I just finished reading Data Crunching: Solve Everyday Problems Using Java, Python, and More , that I borrowed from the National Library. In Chapter 6, the author showed his readers "... meet the 10% of SQL that accounts for 90% of common use ...".

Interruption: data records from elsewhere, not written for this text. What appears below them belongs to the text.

Definition cconj m n (Z : 'M[C]_(m, n)) : 'M[C]_(m, n) := map_mx Num.conj Z.
Definition adj m n (Z : 'M[C]_(m, n)) : 'M[C]_(n, m) := (cconj Z)^T.
Definition fnorm2 d (Z : 'M[C]_d) : C := \tr (adj Z *m Z).
(* column stacking: entry k = j*d + i is Z i j *)
Definition vecc d (Z : 'M[C]_d) : 'cV[C]_(d * d) :=
  \col_(k < d * d) Z (ord_mod k) (ord_div k).

Definition generic d (X Y : 'M[C]_d) : Prop :=
  (forall a b : C, a *: X + b *: Y = 0 -> a = 0 /\ b = 0) /\
  (exists a b : C, \det (a *: X + b *: Y) != 0).

Definition psd n (M : 'M[C]_n) : Prop :=
  forall v : 'cV[C]_n, 0 <= (adj v *m M *m v) 0 0.

Lemma size_eq1 d : (2 * (d * d) = d * d + d * d)%N.
Proof. by rewrite mul2n -addnn. Qed.
Lemma size_eq2 d : ((d + d) * d = d * d + d * d)%N.
Proof. by rewrite mulnDl. Qed.

Definition H1 d (X Y : 'M[C]_d) : 'M[C]_(d * d + d * d) :=
  castmx (size_eq1 d, size_eq1 d)
    (kron (\matrix_(i < 2, j < 2)
             nth 0 (nth [::] [:: [:: fnorm2 X; \tr (adj X *m Y)];
                                 [:: \tr (adj Y *m X); fnorm2 Y]] i) j)
          (1%:M : 'M[C]_(d * d))).

Definition H2 d (X Y : 'M[C]_d) : 'M[C]_(d * d + d * d) :=
  castmx (size_eq2 d, size_eq2 d)
    (kron (block_mx (adj X *m X) (adj X *m Y) (adj Y *m X) (adj Y *m Y))
          (1%:M : 'M[C]_d)).

Definition H3 d (X Y : 'M[C]_d) : 'M[C]_(d * d + d * d) :=
  block_mx (kron (1%:M : 'M[C]_d) (cconj X *m X^T))
           (kron (1%:M : 'M[C]_d) (cconj X *m Y^T))
           (kron (1%:M : 'M[C]_d) (cconj Y *m X^T))
           (kron (1%:M : 'M[C]_d) (cconj Y *m Y^T)).

Definition H4 d (X Y : 'M[C]_d) : 'M[C]_(d * d + d * d) :=
  block_mx (cconj (vecc X) *m (vecc X)^T) (cconj (vecc X) *m (vecc Y)^T)
           (cconj (vecc Y) *m (vecc X)^T) (cconj (vecc Y) *m (vecc Y)^T).

Definition Hmat d (X Y : 'M[C]_d) : 'M[C]_(d * d + d * d) :=
  H1 X Y - 2^-1 *: (H2 X Y + H3 X Y) + 4^-1 *: H4 X Y.

End Defs.

(* Along the pairs (E + z (X - E), F + z (Y - F)), with E = e_00 and F = I - E,
   the product of det of the sum and of a 2x2 diagonal minor is a polynomial in
   z that does not vanish at z = 0.  Hence for a suitable s every pair on the
   complex arc z = t + i s t (1 - t), 0 <= t < 1, is generic, and H is
   nonsingular there, while H(E, F) at t = 0 is positive semidefinite.
   The entries of H depend Lipschitz-continuously on t, so the set of t where H
   is positive semidefinite is closed, and it is open at every t < 1, since a
   nonsingular positive semidefinite matrix satisfies v^dagger H v >= c |v|_1^2.
   Real induction then carries positivity to t = 1. *)

From HB Require Import structures.
From mathcomp Require Import all_boot all_order all_algebra.
From mathcomp Require Import boolp classical_sets reals complex.
From mathcomp Require Import ring lra.
Import Order.TTheory GRing.Theory Num.Theory.
Set Implicit Arguments.
Unset Strict Implicit.
Unset Printing Implicit Defensive.
Local Open Scope ring_scope.

Local Notation normc := Normc.normc.

Lemma quadratic_ge0_le (F : realFieldType) (a N c : F) : 0 <= N -> 0 <= c ->
  (forall y, 0 <= a + 2 * y * N + y ^+ 2 * N * c) -> N <= c * a.
Proof.
move=> N0 c0 hq; have [c00|cpos] := eqVneq c 0.
  rewrite c00 mul0r in hq *; have [-> //|Npos] := eqVneq N 0.
  have := hq (- (a + 1) / (2 * N)).
  rewrite mulr0 addr0 (_ : 2 * _ * N = - (a + 1)); first lra.
  by field; rewrite Npos.
have cp : 0 < c by rewrite lt_def cpos c0.
have := hq (- c^-1); rewrite (_ : (- c^-1) ^+ 2 * N * c = c^-1 * N); last by field.
move=> h; rewrite (_ : N = c * (c^-1 * N)); last by field.
by rewrite ler_pM2l //; lra.
Qed.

Here I am writing that 10% down in my blog so that next time I can refer to it and I am using SQLite database to illustrate all the steps. BTW, SQLite (SQLite is a software library that implements a self-contained, serverless, zero-configuration, transactional SQL database engine) is an extremely powerful database and definitely worth your time in learning it.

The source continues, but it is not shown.